On one of the few beaches open in Palm Beach County on Sunday while Hurricane Dorian strengthened and stalled and tried to splinter the Bahamas, there was fascination in the tall waves and opportunity.
“We’ve been down here three nights,” said Jimmy LeBore, a Rhode Island native who has lived in South Florida’s Lake Worth area for two years. “It’s getting intense. There’s a strong rip especially closer to shore.”
LeBore said the conditions drew him and a gaggle of buds to the beach, one of the few still open. He had no idea what might befall West Palm Beach in the face of Dorian.
“You listen to the Weather Channel and it changes hourly,” he said. “They’re predicting. It’s like predicting the score of a football game. If I could do that I’d be a millionaire.”
A pal, Gary Ricca, a Lancaster, Pennsylvania, native here just 6 months, was entranced by the somewhat rough ocean.
“It’s exciting,” he said.
“If they let us, we’d come back tomorrow,” LeBore added. “I got a feeling it’s going to come closer than they say. We’ll get through it.”
Ricca, although buzzed by the coming storm, wasn’t totally sold on staying.
“I’ll probably be somewhere praying the whole time,” he said.
The angry surf was no friend to Judy Lopez, whose family was trying to catch dinner.
“We usually catch 10 or so fish,” she said sitting on the sand at Phipps. “So far we just caught catfish.
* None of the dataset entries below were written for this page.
Lemma phi_add1_ge s : 0 <= s ->
  exp (- (Rpower 2 p / p)) * exp (- (Rpower 2 p / p) * rpow s p) <= phi p (s + 1).
Proof.
  intros hs. unfold phi. rewrite <- exp_plus. apply exp_le_compat.
  rewrite Rabs_pos_eq, (rpow_Rpower (s + 1)) by lra.
  pose proof (Rpower_add1_le s p ltac:(lra) hs) as h.
  assert (hinv : 0 < / p) by (apply Rinv_0_lt_compat; lra).
  apply (Rmult_le_compat_r (/ p)) in h; [|lra].
  unfold Rdiv. nra.
Qed.

Lemma g_loss_ge_exp r :
  exp (- (Rpower 2 p / p)) / 4 * exp (- (Rpower 2 p / p) * rpow (Rabs r) p) <= g_loss p r.
Proof.
  set (C := Rpower 2 p / p).
  assert (hC : 0 < C) by (apply Rdiv_lt_0_compat; [apply Rpower_gt0 | lra]).
  destruct (Rle_dec 0 r) as [hr|hr].
  - assert (exp (- C) <= 1) by (rewrite <- exp_0; apply exp_le_compat; lra).
    assert (exp (- C * rpow (Rabs r) p) <= 1).
    { rewrite <- exp_0. apply exp_le_compat. pose proof (rpow_ge0 (Rabs r) p). nra. }
    pose proof (exp_pos (- C)). pose proof (exp_pos (- C * rpow (Rabs r) p)).
    pose proof (g_loss_ge_ln2 r hr). pose proof ln_lt_2. nra.
  - rewrite Rabs_left by lra.
    pose proof (phi_add1_ge (- r) ltac:(lra)) as hphi. fold C in hphi.
    pose proof (g_loss_opp_ge (- r) ltac:(lra)) as hg. rewrite Ropp_involutive in hg.
    unfold Rdiv in *. lra.
Qed.

Lemma g_loss_ge0 r : 0 <= g_loss p r.
Proof.
  eapply Rle_trans; [|apply g_loss_ge_exp].
  pose proof (exp_pos (- (Rpower 2 p / p))).
  pose proof (exp_pos (- (Rpower 2 p / p) * rpow (Rabs r) p)). nra.
Qed.

Lemma g_loss_ge_pow_sub r : 1 <= r -> Rpower r p / p - 1 <= g_loss p r.
Proof.
  intros hr. rewrite g_loss_eq.
  pose proof (phi_tail_le r hr). pose proof (phi_tail_gt0 r ltac:(lra)).
  pose proof phi_mass_ge. pose proof (exp_pos (- 1 / p)).
  enough (ln ((phi_mass - phi_prim p r) / (2 * phi_mass)) <= 1 - Rpower r p / p) by lra.
  rewrite <- (ln_exp (1 - Rpower r p / p)).
  apply ln_le; [apply Rdiv_lt_0_compat; lra|].
  apply Rle_trans with (exp (- Rpower r p / p) / exp (- 1 / p)).
  - unfold Rdiv. apply Rmult_le_compat; try lra.
    + left; apply Rinv_0_lt_compat; lra.
    + apply Rinv_le_contravar; lra.
  - unfold Rdiv at 1. rewrite <- exp_Ropp, <- exp_plus. apply exp_le_compat.
    assert (0 < / p <= 1).
    { split; [apply Rinv_0_lt_compat | rewrite <- Rinv_1; apply Rinv_le_contravar]; lra. }
    unfold Rdiv. lra.
Qed.

(* For [r >= 1], average [g r >= r^p / p - 1] and [g r >= ln 2 >= 1 / 2] with weights [1/3, 2/3]. *)
Lemma g_loss_ge_rpow r : 0 <= r -> rpow r p / (3 * p) <= g_loss p r.
Proof.
  intros hr. pose proof (g_loss_ge_ln2 r hr). pose proof ln_lt_2.
  destruct (Rle_dec r 1) as [hr1|hr1].
  - pose proof (rpow_le_self r p hp ltac:(lra)). pose proof (rpow_ge0 r p).
    assert (0 < / p <= 1).
    { split; [apply Rinv_0_lt_compat | rewrite <- Rinv_1; apply Rinv_le_contravar]; lra. }
    apply Rle_trans with (/ 3); [|lra].
    unfold Rdiv. rewrite Rinv_mult. nra.
  - pose proof (g_loss_ge_pow_sub r ltac:(lra)). rewrite rpow_Rpower by lra.
    replace (Rpower r p / (3 * p)) with (/ 3 * (Rpower r p / p - 1) + 2 / 3 * / 2)
      by (field; lra).
    lra.
Qed.

End GeneralizedNormal.

Lemma rowmul_opp d X beta i : rowmul d X (fun j => - beta j) i = - rowmul d X beta i.
Proof.
  unfold rowmul. replace (- sumR d _) with (-1 * sumR d (fun j => X i j * beta j)) by ring.
  rewrite <- sumR_scal. apply sumR_ext. intros; ring.
Qed.

Lemma rowmul_eq0 d X beta i : (forall j, (j < d)%nat -> beta j = 0) -> rowmul d X beta i = 0.
Proof.
  intros h0. unfold rowmul. transitivity (sumR d (fun _ => 0)); [|rewrite sumR_const; ring].
  apply sumR_ext. intros j hj. rewrite h0 by exact hj. ring.
Qed.

Lemma pos_part_sum_opp p n d X beta :
  pos_part_sum p n d X (fun j => - beta j) = neg_part_sum p n d X beta.
Proof.
  apply sumR_ext. intros i _. rewrite rowmul_opp, Rabs_Ropp.
  destruct (Rlt_dec 0 (- rowmul d X beta i)), (Rlt_dec (rowmul d X beta i) 0); lra.
Qed.

Lemma neg_part_sum_opp p n d X beta :
  neg_part_sum p n d X (fun j => - beta j) = pos_part_sum p n d X beta.
Proof.
  apply sumR_ext. intros i _. rewrite rowmul_opp, Rabs_Ropp.
  destruct (Rlt_dec (- rowmul d X beta i) 0), (Rlt_dec 0 (rowmul d X beta i)); lra.
Qed.

Lemma pos_part_sum_ge0 p n d X beta : 0 <= pos_part_sum p n d X beta.
Proof. apply sumR_ge0. intros i _. destruct Rlt_dec; [apply rpow_ge0 | lra]. Qed.

Lemma sumR_rpow_abs_rowmul p n d X beta :
  sumR n (fun i => rpow (Rabs (rowmul d X beta i)) p)
  = pos_part_sum p n d X beta + neg_part_sum p n d X beta.
Proof.
  unfold pos_part_sum, neg_part_sum. rewrite <- sumR_add. apply sumR_ext. intros i _.
  destruct (Rlt_dec 0 (rowmul d X beta i)), (Rlt_dec (rowmul d X beta i) 0); try lra.
  replace (rowmul d X beta i) with 0 by lra. rewrite Rabs_R0, rpow_nonpos; lra.
Qed.

(* [mu_complex] bounds the ratio in the other direction too: apply it to [- beta]. *)
Lemma neg_part_sum_le p n d X mu beta : 0 <= mu -> mu_complex p n d X mu ->
  neg_part_sum p n d X beta <= mu * pos_part_sum p n d X beta.
Proof.
  intros hmu hX.
  destruct (classic (exists j, (j < d)%nat /\ beta j <> 0)) as [[j [hj hbj]]|hzero].
  - rewrite <- (pos_part_sum_opp p n d X beta), <- (neg_part_sum_opp p n d X beta).
    apply hX. exists j. split; [exact hj | lra].
  - assert (hneg : neg_part_sum p n d X beta = 0).
    { unfold neg_part_sum. transitivity (sumR n (fun _ => 0)); [|rewrite sumR_const; ring].
      apply sumR_ext. intros i _. rewrite rowmul_eq0; [destruct Rlt_dec; lra|].
      intros j hj. apply NNPP. intros hbj. apply hzero. now exists j. }
    rewrite hneg. pose proof (pos_part_sum_ge0 p n d X beta). nra.
Qed.

Lemma f_loss_ge_pos_part p n d X beta : 1 <= p ->
  pos_part_sum p n d X beta / (3 * p) <= f_loss p n d X beta.
Proof.
  intros hp. unfold f_loss, pos_part_sum, Rdiv. rewrite Rmult_comm, <- sumR_scal.
  apply sumR_le. intros i _. rewrite Rmult_comm. destruct Rlt_dec as [hpos|hpos].
  - rewrite Rabs_pos_eq by lra. apply g_loss_ge_rpow; lra.
  - rewrite Rmult_0_l. apply g_loss_ge0, hp.
Qed.

Lemma f_loss_ge_exp p n d X mu beta : 1 <= p -> (0 < n)%nat -> 0 < mu ->
  mu_complex p n d X mu ->
  INR n * (exp (- (Rpower 2 p / p)) / 4 *
           exp (- (Rpower 2 p / p) * (1 + mu) * (pos_part_sum p n d X beta / INR n)))
  <= f_loss p n d X beta.
Proof.
  intros hp hn hmu hX. set (C := Rpower 2 p / p). set (k := exp (- C) / 4).
  set (u := fun i => rpow (Rabs (rowmul d X beta i)) p).
  assert (hC : 0 < C) by (apply Rdiv_lt_0_compat; [apply Rpower_gt0 | lra]).
  assert (hk : 0 < k) by (apply Rdiv_lt_0_compat; [apply exp_pos | lra]).
  assert (hN : 0 < INR n) by now apply lt_0_INR.
  assert (hsum : sumR n u <= (1 + mu) * pos_part_sum p n d X beta).
  { unfold u. rewrite sumR_rpow_abs_rowmul.
    pose proof (neg_part_sum_le p n d X mu beta ltac:(lra) hX). lra. }
  assert (hjensen := sumR_exp_ge n (fun i => - C * u i) hn).
  rewrite sumR_scal in hjensen.
  apply Rle_trans with (k * sumR n (fun i => exp (- C * u i))).
  - rewrite Rmult_comm, Rmult_assoc, (Rmult_comm _ (INR n)). apply Rmult_le_compat_l; [lra|].
    eapply Rle_trans; [|exact hjensen]. apply Rmult_le_compat_l; [lra|]. apply exp_le_compat.
    assert (hdiv : sumR n u / INR n <= (1 + mu) * pos_part_sum p n d X beta / INR n)
      by (unfold Rdiv; apply Rmult_le_compat_r; [left; apply Rinv_0_lt_compat|]; lra).
    unfold Rdiv in *. nra.
  - unfold f_loss. rewrite <- sumR_scal. apply sumR_le. intros i _. apply g_loss_ge_exp, hp.
Qed.

Lemma one_add_ln_pos_gt_third x : 0 < x -> 0 < 1 + ln x -> 1 < 3 * x.
Proof.
  intros hx hl.
  assert (he : exp (- (1)) < x) by (rewrite <- (exp_ln x) by lra; apply exp_increasing; lra).
  rewrite exp_Ropp in he. pose proof exp_le_3. pose proof (exp_pos 1).
  apply (Rmult_lt_compat_l (exp 1)) in he; [|lra]. rewrite Rinv_r in he by lra. nra.
Qed.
We throw those back.”
Lopez, who lives in West Palm Beach, said the family would likely seek out a shelter, probably the one closest to her home at Forest Hill.
“We’ve put the shutters up,” she said. “Everything is ready.”
Elien Boes, her husband and daughter were entranced enough just standing in the sand and watching the waves.
“We had to get out for a little bit,” she said, after being cooped up and anxiously watching the news.
“Yesterday we were out of the cone,” she said. “And today we woke up and we’re in the cone.”
The Lake Worth family said they’d likely go to a friend’s empty apartment in Miami to ride things out.
“I hate to be without electricity and air conditioning,” she said.
Sol Escobar and friends were kiteboarding, sometimes leaping over waves up to 20 feet or more in the air.
“Sometimes you’re up in the air and ‘WHAM!’,” he said.
Escobar said the gusty conditions aren’t optimal for kiteboarders.
“It’s better when it’s consistent,” he said.
The afternoon’s efforts were tiring in the extreme for Escobar and friends, leading him to shrug his shoulders and say he’d likely be riding out whatever Dorian throws at the area from his home in Wellington.